Given information below:

(* Let $\mathcal Q=(\mathcal G,\mathcal C)$ be a CWS code in standard form with $K=|\mathcal C|>1$, and suppose the $j$-th bit is involved in $\mathcal C$. Then the graph-stabilizer generator $S_j=X_jZ^{\mathbf r_j}$ is not detectable by $\mathcal Q$. Consequently the distance of $\mathcal Q$ is at most $\mathrm{wgt}(S_j)=1+\deg_{\mathcal G}(j)$.
   Context: A Pauli operator on $n$ qubits is, up to a phase, $X^{\mathbf v}Z^{\mathbf u}=X_1^{v_1}\cdots X_n^{v_n}Z_1^{u_1}\cdots Z_n^{u_n}$ with $\mathbf v,\mathbf u\in\{0,1\}^n$; its weight is the number of qubits on which it acts as a non-identity operator. For a subspace $\mathcal Q\subseteq(\mathbb C^2)^{\otimes n}$ with orthonormal basis $\{|i\rangle\}$, a Pauli operator $E$ is detectable if $\langle j|E|i\rangle=C_E\delta_{ij}$ for all $i,j$, with $C_E$ independent of $i,j$; the distance of $\mathcal Q$ is the smallest weight of a non-detectable Pauli operator. Let $\mathcal G$ be a simple graph on vertex set $\{1,\dots,n\}$ with adjacency matrix $R\in\{0,1\}^{n\times n}$ (symmetric, zero diagonal) and rows $\mathbf r_i$. The graph-stabilizer generators are $S_i=X_iZ^{\mathbf r_i}$, $i=1,\dots,n$; they commute, generate an abelian group $\mathscr S_{\mathcal G}$, and stabilize a unique (up to phase) state $|s\rangle$, the graph state. For a binary code $\mathcal C\subseteq\{0,1\}^n$ with $K$ words, the CWS code in standard form is $\mathcal Q=(\mathcal G,\mathcal C)=\operatorname{span}\{Z^{\mathbf c}|s\rangle:\mathbf c\in\mathcal C\}$; it has dimension $K$. The $j$-th bit is involved in $\mathcal C$ if there exist $\mathbf c_1,\mathbf c_2\in\mathcal C$ whose $j$-th coordinates differ. *)

From HB Require Import structures.
From mathcomp Require Import all_boot all_order all_algebra all_field.
Set Implicit Arguments. Unset Strict Implicit. Unset Printing Implicit Defensive.
Import GRing.Theory Num.Theory.
Local Open Scope ring_scope.

Definition bits (n : nat) := {ffun 'I_n -> bool}.

(* a vector of (C^2)^{(x)n}, given by its coordinates in the computational basis |x> *)
Definition state (n : nat) := bits n -> algC.

Definition zerov (n : nat) : bits n := [ffun _ => false].
Definition xorv (n : nat) (x v : bits n) : bits n := [ffun i => x i (+) v i].
Definition unitvec (n : nat) (j : 'I_n) : bits n := [ffun i => i == j].
(* u . x over GF(2), as a natural number (only its parity matters) *)
Definition dotb (n : nat) (u x : bits n) : nat := #|[set i | u i && x i]|.

(* The Pauli operator X^v Z^u (Z^u applied first, then X^v):
   Z^u |x> = (-1)^{u.x} |x>,  X^v |x> = |x + v>. *)
Definition pauli (n : nat) (v u : bits n) (psi : state n) : state n :=
  fun x => (-1) ^+ dotb u (xorv x v) * psi (xorv x v).

Definition weight (n : nat) (v u : bits n) : nat := #|[set i | v i || u i]|.

Definition inner (n : nat) (a b : state n) : algC :=
  \sum_(x : bits n) (a x)^* * b x.

Definition simple_graph (n : nat) (R : 'I_n -> 'I_n -> bool) : Prop :=
  (forall i k, R i k = R k i) /\ (forall i, R i i = false).

Definition adj_row (n : nat) (R : 'I_n -> 'I_n -> bool) (i : 'I_n) : bits n :=
  [ffun k => R i k].

Definition degree (n : nat) (R : 'I_n -> 'I_n -> bool) (j : 'I_n) : nat :=
  #|[set k | R j k]|.

(* s is (a normalized representative of) the graph state of R:
   stabilized by every S_i = X_i Z^{r_i}. *)
Definition is_graph_state (n : nat) (R : 'I_n -> 'I_n -> bool) (s : state n) : Prop :=
  inner s s = 1 /\
  forall (i : 'I_n) (x : bits n), pauli (unitvec i) (adj_row R i) s x = s x.

(* basis vector Z^c |s> of the CWS code (G, C) *)
Definition cws_basis (n : nat) (s : state n) (c : bits n) : state n :=
  pauli (zerov n) c s.

(* X^v Z^u is detectable by Q = span{Z^c|s> : c in C}:
   <c'|E|c> = C_E delta_{c c'} for all basis vectors. *)
Definition detectable (n : nat) (s : state n) (C : {set bits n}) (v u : bits n) : Prop :=
  exists CE : algC, forall c c' : bits n, c \in C -> c' \in C ->
    inner (cws_basis s c') (pauli v u (cws_basis s c)) = (if c == c' then CE else 0).

Definition is_distance (n : nat) (s : state n) (C : {set bits n}) (d : nat) : Prop :=
  (exists v u : bits n, weight v u = d /\ ~ detectable s C v u) /\
  (forall v u : bits n, (weight v u < d)%N -> detectable s C v u).

Definition involved (n : nat) (C : {set bits n}) (j : 'I_n) : Prop :=
  exists c1 c2 : bits n, c1 \in C /\ c2 \in C /\ c1 j != c2 j.

From HB Require Import structures.
From mathcomp Require Import all_boot all_order all_algebra all_field.
From mathcomp Require Import ring.
Set Implicit Arguments. Unset Strict Implicit. Unset Printing Implicit Defensive.
Import GRing.Theory Num.Theory.
Local Open Scope ring_scope.

(* Write sgn(k) = (-1)^k.  Since Z^u |x> = sgn(u.x) |x> and the
   parity u.x is additive in x, conjugating by Z^c turns a Pauli X^v Z^u into
   sgn(c.v) X^v Z^u.  Hence, if X^v Z^u stabilizes the state |s>, each basis
   vector Z^c |s> of the CWS code is an eigenvector of X^v Z^u with eigenvalue
   sgn(c.v), and its expectation value is <c|X^v Z^u|c> = sgn(c.v) <s|s>.
   For S_j = X_j Z^{r_j} we have c.e_j = c_j, so if the j-th bit is involved
   in C two code words give the different diagonal values 1 and -1: S_j is
   not detectable.  Its weight is 1 + deg(j) because r_j has a zero at j, and
   a non-detectable Pauli of weight w bounds the distance by w. *)

Section SignCalculus.
Variable n : nat.
Implicit Types u v x : bits n.

Lemma sign_dotb u x :
  (-1) ^+ dotb u x = \prod_i ((-1) ^+ (u i && x i) : algC).
Proof.
rewrite /dotb -prodr_const [RHS](bigID (fun i => u i && x i)) /=.
rewrite [X in _ = _ * X]big1 ?mulr1; last by move=> i /negbTE ->.
by apply: eq_big => i; rewrite inE // => ->.
Qed.

Lemma sign_dotb_xor u x v :
  (-1) ^+ dotb u (xorv x v) = ((-1) ^+ dotb u x * (-1) ^+ dotb u v : algC).
Proof.
rewrite !sign_dotb -big_split /=; apply: eq_bigr => i _.
rewrite /xorv ffunE -signr_addb.
by case: (u i); case: (x i); case: (v i).
Qed.

Lemma dotb_unitvec u (j : 'I_n) : dotb u (unitvec j) = u j.
Proof.
rewrite /dotb; case uj: (u j) => /=.
  rewrite -(cards1 j); apply: eq_card => i.
  by rewrite !inE ffunE; case: eqP => [->|]; rewrite ?uj ?andbF.
rewrite -(cards0 'I_n); apply: eq_card => i.
by rewrite !inE ffunE; case: eqP => [->|]; rewrite ?uj ?andbF.
Qed.

Lemma xorv0 x : xorv x (zerov n) = x.
Proof. by apply/ffunP => i; rewrite /xorv /zerov !ffunE addbF. Qed.

End SignCalculus.

Section CodeVectors.
Variable n : nat.
Implicit Types (s : state n) (c v u : bits n).

Lemma cws_basisE s c x : cws_basis s c x = (-1) ^+ dotb c x * s x.
Proof. by rewrite /cws_basis /pauli xorv0. Qed.

Lemma inner_scaler s1 s2 (k : algC) :
  inner s1 (fun x => k * s2 x) = k * inner s1 s2.
Proof. by rewrite /inner mulr_sumr; apply: eq_bigr => x _; ring. Qed.

(* Z^c is unitary: all code vectors have the norm of |s>. *)
Lemma inner_cws_basis s c : inner (cws_basis s c) (cws_basis s c) = inner s s.
Proof.
apply: eq_bigr => x _; rewrite cws_basisE rmorphM rmorphXn rmorphN1 /=.
by rewrite mulrACA -expr2 sqrr_sign mul1r.
Qed.

(* Z^c X^v Z^u = sgn(c.v) X^v Z^u Z^c: if X^v Z^u stabilizes |s>, then
   Z^c |s> is an eigenvector of X^v Z^u with eigenvalue sgn(c.v). *)
Lemma pauli_cws_basis s c v u :
  (forall x, pauli v u s x = s x) ->
  forall x, pauli v u (cws_basis s c) x = (-1) ^+ dotb c v * cws_basis s c x.
Proof.
move=> stab x; rewrite cws_basisE -stab /pauli cws_basisE !sign_dotb_xor.
ring.
Qed.

Lemma stabilizer_expectation s c v u :
  (forall x, pauli v u s x = s x) ->
  inner (cws_basis s c) (pauli v u (cws_basis s c))
    = (-1) ^+ dotb c v * inner s s.
Proof.
move=> stab; rewrite -(inner_cws_basis s c) -inner_scaler.
by apply: eq_bigr => x _; rewrite pauli_cws_basis.
Qed.

Lemma stabilizer_not_detectable s (C : {set bits n}) v u c1 c2 :
  inner s s = 1 -> (forall x, pauli v u s x = s x) ->
  c1 \in C -> c2 \in C -> odd (dotb c1 v) != odd (dotb c2 v) ->
  ~ detectable s C v u.
Proof.
move=> norm1 stab Cc1 Cc2 parity [CE detE].
have := detE c1 c1 Cc1 Cc1; have := detE c2 c2 Cc2 Cc2.
rewrite !eqxx !stabilizer_expectation // norm1 !mulr1 => <-.
rewrite -signr_odd -[RHS]signr_odd => /signr_inj same_parity.
by move: parity; rewrite same_parity eqxx.
Qed.

Lemma distance_le_weight s (C : {set bits n}) v u d :
  ~ detectable s C v u -> is_distance s C d -> (d <= weight v u)%N.
Proof.
move=> nodet [_ below]; rewrite leqNgt; apply/negP => lt_w_d.
exact/nodet/below.
Qed.

End CodeVectors.

(* S_j acts on qubit j (as X_j) and on the neighbours of j (as Z);
   these are disjoint because the graph has no loops. *)
Lemma weight_graph_stabilizer (n : nat) (R : 'I_n -> 'I_n -> bool) (j : 'I_n) :
  R j j = false -> weight (unitvec j) (adj_row R j) = (1 + degree R j)%N.
Proof.
move=> Rjj; rewrite /weight /degree.
have -> : [set i | unitvec j i || adj_row R j i] = j |: [set k | R j k].
  by apply/setP => i; rewrite !inE /unitvec /adj_row !ffunE.
by rewrite cardsU1 inE Rjj.
Qed.

Theorem lemma3 (n : nat) (R : 'I_n -> 'I_n -> bool) (s : state n)
    (C : {set bits n}) (j : 'I_n) :
  simple_graph R ->
  is_graph_state R s ->
  (1 < #|C|)%N ->
  involved C j ->
  ~ detectable s C (unitvec j) (adj_row R j) /\
  weight (unitvec j) (adj_row R j) = (1 + degree R j)%N /\
  (forall d : nat, is_distance s C d -> (d <= 1 + degree R j)%N).
Proof.
move=> [_ Rirr] [norm1 stab] _ [c1 [c2 [Cc1 [Cc2 c12j]]]].
have nodet : ~ detectable s C (unitvec j) (adj_row R j).
  apply: (stabilizer_not_detectable norm1 (stab j) Cc1 Cc2).
  by rewrite !dotb_unitvec !oddb.
have wS := weight_graph_stabilizer (Rirr j).
split; first exact: nodet.
split=> [|d dist]; first exact: wS.
by rewrite -wS; apply: distance_le_weight nodet dist.
Qed.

End of Given information.

_Assignment:_
Each line from the one with "Theorem lemma3 (n" through the end of the entries above must be set down exactly, both end lines included, and no other line may appear.

_Expected answer:_
Theorem lemma3 (n : nat) (R : 'I_n -> 'I_n -> bool) (s : state n)
    (C : {set bits n}) (j : 'I_n) :
  simple_graph R ->
  is_graph_state R s ->
  (1 < #|C|)%N ->
  involved C j ->
  ~ detectable s C (unitvec j) (adj_row R j) /\
  weight (unitvec j) (adj_row R j) = (1 + degree R j)%N /\
  (forall d : nat, is_distance s C d -> (d <= 1 + degree R j)%N).
Proof.
move=> [_ Rirr] [norm1 stab] _ [c1 [c2 [Cc1 [Cc2 c12j]]]].
have nodet : ~ detectable s C (unitvec j) (adj_row R j).
  apply: (stabilizer_not_detectable norm1 (stab j) Cc1 Cc2).
  by rewrite !dotb_unitvec !oddb.
have wS := weight_graph_stabilizer (Rirr j).
split; first exact: nodet.
split=> [|d dist]; first exact: wS.
by rewrite -wS; apply: distance_le_weight nodet dist.
Qed.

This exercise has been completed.